On Embodied Visual Navigation in Real Environments Through Habitat
- URL: http://arxiv.org/abs/2010.13439v1
- Date: Mon, 26 Oct 2020 09:19:07 GMT
- Title: On Embodied Visual Navigation in Real Environments Through Habitat
- Authors: Marco Rosano, Antonino Furnari, Luigi Gulino, Giovanni Maria Farinella
- Abstract summary: Visual navigation models based on deep learning can learn effective policies when trained on large amounts of visual observations.
To deal with this limitation, several simulation platforms have been proposed in order to train visual navigation policies on virtual environments efficiently.

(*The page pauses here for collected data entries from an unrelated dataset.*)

Lemma separating_E1 : separating E1.
Proof.
move=> x y nsx nyx; have [x' x'x ex'] := nest_mate nsx.
have [l hl] := coding_neq sigma_inj x'x.
have nxy : nest x != nest y by rewrite eq_sym.
have nx'y : nest x' != nest y by rewrite ex'.
have [yx|yx] := eqVneq (sigma y l) (sigma x l).
- have SC := Sld_calS sigma l (sigma x' l).
  have xS : x \in Sld sigma l (sigma x' l) by rewrite mem_Sld eq_sym.
  have yS : y \in Sld sigma l (sigma x' l) by rewrite mem_Sld yx eq_sym.
  exists x; rewrite // (E1_written SC) ?(negbTE nxy) //.
  by apply: step1_writes_uncovered SC xS yS nxy (uncovered ex' _); rewrite mem_Sld eqxx.
- have SC := Sld_calS sigma l (sigma x l).
  have x'S : x' \in Sld sigma l (sigma x l) by rewrite mem_Sld.
  have yS : y \in Sld sigma l (sigma x l) by rewrite mem_Sld.
  exists x'; rewrite // (E1_written SC) ?(negbTE nx'y) //.
  apply: step1_writes_uncovered SC x'S yS nx'y (uncovered (esym ex') _).
  by rewrite mem_Sld eqxx.
Qed.

Definition min_split E S := [exists i in M S, exists j in M S,
  (i != j) && (E i j == Some false)].

Lemma step2SE E S a c : step2S bf E S a c =
  if min_split E S then
    if (a \in M S) && (c \notin S) || (c \in M S) && (a \notin S)
    then Some false else E a c
  else if [&& a != c, a \in M S & c \in M S] then Some true else E a c.
Proof. by rewrite /step2S -/(min_split E S); case: min_split. Qed.

Lemma min_split_covered E S m : S \in C -> sound E -> min_split E S ->
  m \in M S -> covered m S.
Proof.
move=> SC sE /exists_inP[i iM /exists_inP[j jM /andP[ij /eqP Eij]]].
exact: minBF_split iM jM ((sE i j ij).1 Eij).
Qed.

Lemma min_unsplit_single E S a c : S \in C -> separating E -> ~~ min_split E S ->
  a \in M S -> c \in M S -> nest a != nest c -> single a.
Proof.
move=> SC sepE nsplit aM cM nac; apply: contraNT nsplit => nsa.
have [|a' ea' Ea'c] := sepE a c nsa; first by rewrite eq_sym.
have a'S : a' \in S by apply: covered_mem ea'; exact: (minBF_split SC aM cM nac aM).
apply/exists_inP; exists a'; first exact: minBF_nest aM a'S ea'.
apply/exists_inP; exists c; rewrite // Ea'c eqxx andbT.
by apply: contraNneq nac => <-; rewrite ea'.
Qed.
(* Minimise the squared excess over the simplex; at a minimiser with nonzero excess [z], the
   first-order conditions weighted by [z] give [|z|^2 * sum z <= z^T A z <= 0]. *)
Lemma dissipative_simplex_point : (0 < k)%nat ->
  exists mu, simplex mu /\ forall i, mat_apply mu i <= 0.
Proof.
move=> k_gt0.
have [mu0 [mu0_in mu0_min]] : exists mu0 : vec k, simplex mu0 /\
    forall mu, simplex mu -> sqnorm (excess mu0) <= sqnorm (excess mu).
  apply: (@seq_compact_min k _ (fun mu => sqnorm (excess mu)) 1 0 (@simplex_seq_closed k)).
  - by move=> mu mu_in i; exact: simplex_coord_bound.
  - by exists (unitv (Ordinal k_gt0)); exact: unitv_simplex.
  - by move=> mu _; exact: sqnorm_ge0.
  - move=> u x _ ux; apply: vcv_sqnorm => i; apply: cv_Rmax0.
    by apply: cv_big => j _; apply: CV_mult; [exact: cv_const | exact: ux].
exists mu0; split => // i; set z := excess mu0.
have z0 l : 0 <= z l by apply: Rmax_l.
have mz : mat_apply mu0 i <= z i by apply: Rmax_r.
have [z_eq0 | z_gt0] : sqnorm z = 0 \/ 0 < sqnorm z by have := sqnorm_ge0 z; lra.
  by have := sqr_coord_le_sqnorm z i; rewrite z_eq0; have := z0 i; nra.
exfalso.
have sum_ge0 : 0 <= \big[Rplus/0]_(j < k) z j by apply: big_Rge0 => j _; exact: z0.
have sum_gt0 : 0 < \big[Rplus/0]_(j < k) z j.
  case: (Rle_lt_or_eq_dec _ _ sum_ge0) => // s_eq0.
  by have := big_Rge0_eq0 z z0 (esym s_eq0); rewrite -/(inner z z) -/(sqnorm z); lra.
have : sqnorm z * \big[Rplus/0]_(j < k) z j <= 0.
  apply: Rle_trans (dissipative_form_nonpos z0); rewrite big_distrr /=.
  by apply: big_Rle => j _; rewrite Rmult_comm; apply: Rmult_le_compat_l;
    [exact: z0 | exact: excess_first_order].
by have := Rmult_lt_0_compat _ _ z_gt0 sum_gt0; lra.
Qed.

End DissipativeMatrix.

Lemma inner_big_comb p k (g : vec p) (mu : 'I_k -> R) (Y : 'I_k -> vec p) :
  inner g (fun l => \big[Rplus/0]_(j < k) (mu j * Y j l)) =
  \big[Rplus/0]_(j < k) (mu j * inner g (Y j)).
Proof.
rewrite /inner; under eq_bigr => l _ do rewrite big_distrr /=.
rewrite exchange_big /=; apply: eq_bigr => j _; rewrite big_distrr /=.
by apply: eq_bigr => l _; ring.
Qed.

(* The matrix [A i j = <G (Y i), Y j - Y i>] is dissipative by monotonicity; mix the [Y j]
   with the weights given by [dissipative_simplex_point]. *)
Lemma finite_Minty_point p (G : vec p -> vec p) (S : vec p -> Prop) k (Y : 'I_k -> vec p) :
  (0 < k)%nat -> is_convex S -> monotone_on S G -> (forall j, S (Y j)) ->
  exists x, S x /\ forall j, 0 <= inner (G (Y j)) (vsub (Y j) x).
Proof.
move=> k_gt0 S_convex G_mono SY.
pose A i j := inner (G (Y i)) (vsub (Y j) (Y i)).
have A_dissipative i j : A i j + A j i <= 0.
  by have := G_mono _ _ (SY j) (SY i); rewrite /A !inner_subr !inner_subl; lra.
have [mu [[mu0 mu1] A_mu]] := dissipative_simplex_point A_dissipative k_gt0.
exists (fun l => \big[Rplus/0]_(j < k) (mu j * Y j l)); split.
  exact: convex_big_comb.
move=> i; have mat_eq : mat_apply A mu i = \big[Rplus/0]_(j < k)
    (1 * (mu j * inner (G (Y i)) (Y j)) + (- inner (G (Y i)) (Y i)) * mu j).
  by apply: eq_bigr => j _; rewrite /A inner_subr; ring.
have := A_mu i; rewrite mat_eq big_Rlin mu1 -inner_big_comb inner_subr.
lra.
Qed.

Lemma bounded_seq_not_spread p (u : nat -> vec p) r eps : 0 < eps ->
  (forall N i, Rabs (u N i) <= r) ->
  ~ (forall N M, (N < M)%nat -> exists i, eps <= Rabs (u M i - u N i)).
Proof.
move=> e0 u_bounded spread.
have [phi [x [phi_incr ux]]] := bounded_vcv_subseq u_bounded.
have [N HN] := vcv_vdist ux (ltac:(lra) : 0 < eps / 2).
have [i far] := spread _ _ (phi_incr N).
have := Rabs_coord_le_vdist x (u (phi N)) i; have := HN N (leqnn N).
have := Rabs_coord_le_vdist x (u (phi N.+1)) i; have := HN N.+1 (leqnSn N).
by move: far; split_Rabs; lra.
Qed.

We show that our tool can effectively help to train and evaluate navigation policies on real-world observations without running navigation pisodes in the real world.
- Score: 20.630139085937586
- License: http://arxiv.org/licenses/nonexclusive-distrib/1.0/
- Abstract: Visual navigation models based on deep learning can learn effective policies
when trained on large amounts of visual observations through reinforcement
learning. Unfortunately, collecting the required experience in the real world
requires the deployment of a robotic platform, which is expensive and
time-consuming. To deal with this limitation, several simulation platforms have
been proposed in order to train visual navigation policies on virtual
environments efficiently. Despite the advantages they offer, simulators present
a limited realism in terms of appearance and physical dynamics, leading to
navigation policies that do not generalize in the real world.
In this paper, we propose a tool based on the Habitat simulator which
exploits real world images of the environment, together with sensor and
actuator noise models, to produce more realistic navigation episodes. We
perform a range of experiments to assess the ability of such policies to
generalize using virtual and real-world images, as well as observations
transformed with unsupervised domain adaptation approaches. We also assess the
impact of sensor and actuation noise on the navigation performance and
investigate whether it allows to learn more robust navigation policies. We show
that our tool can effectively help to train and evaluate navigation policies on
real-world observations without running navigation pisodes in the real world.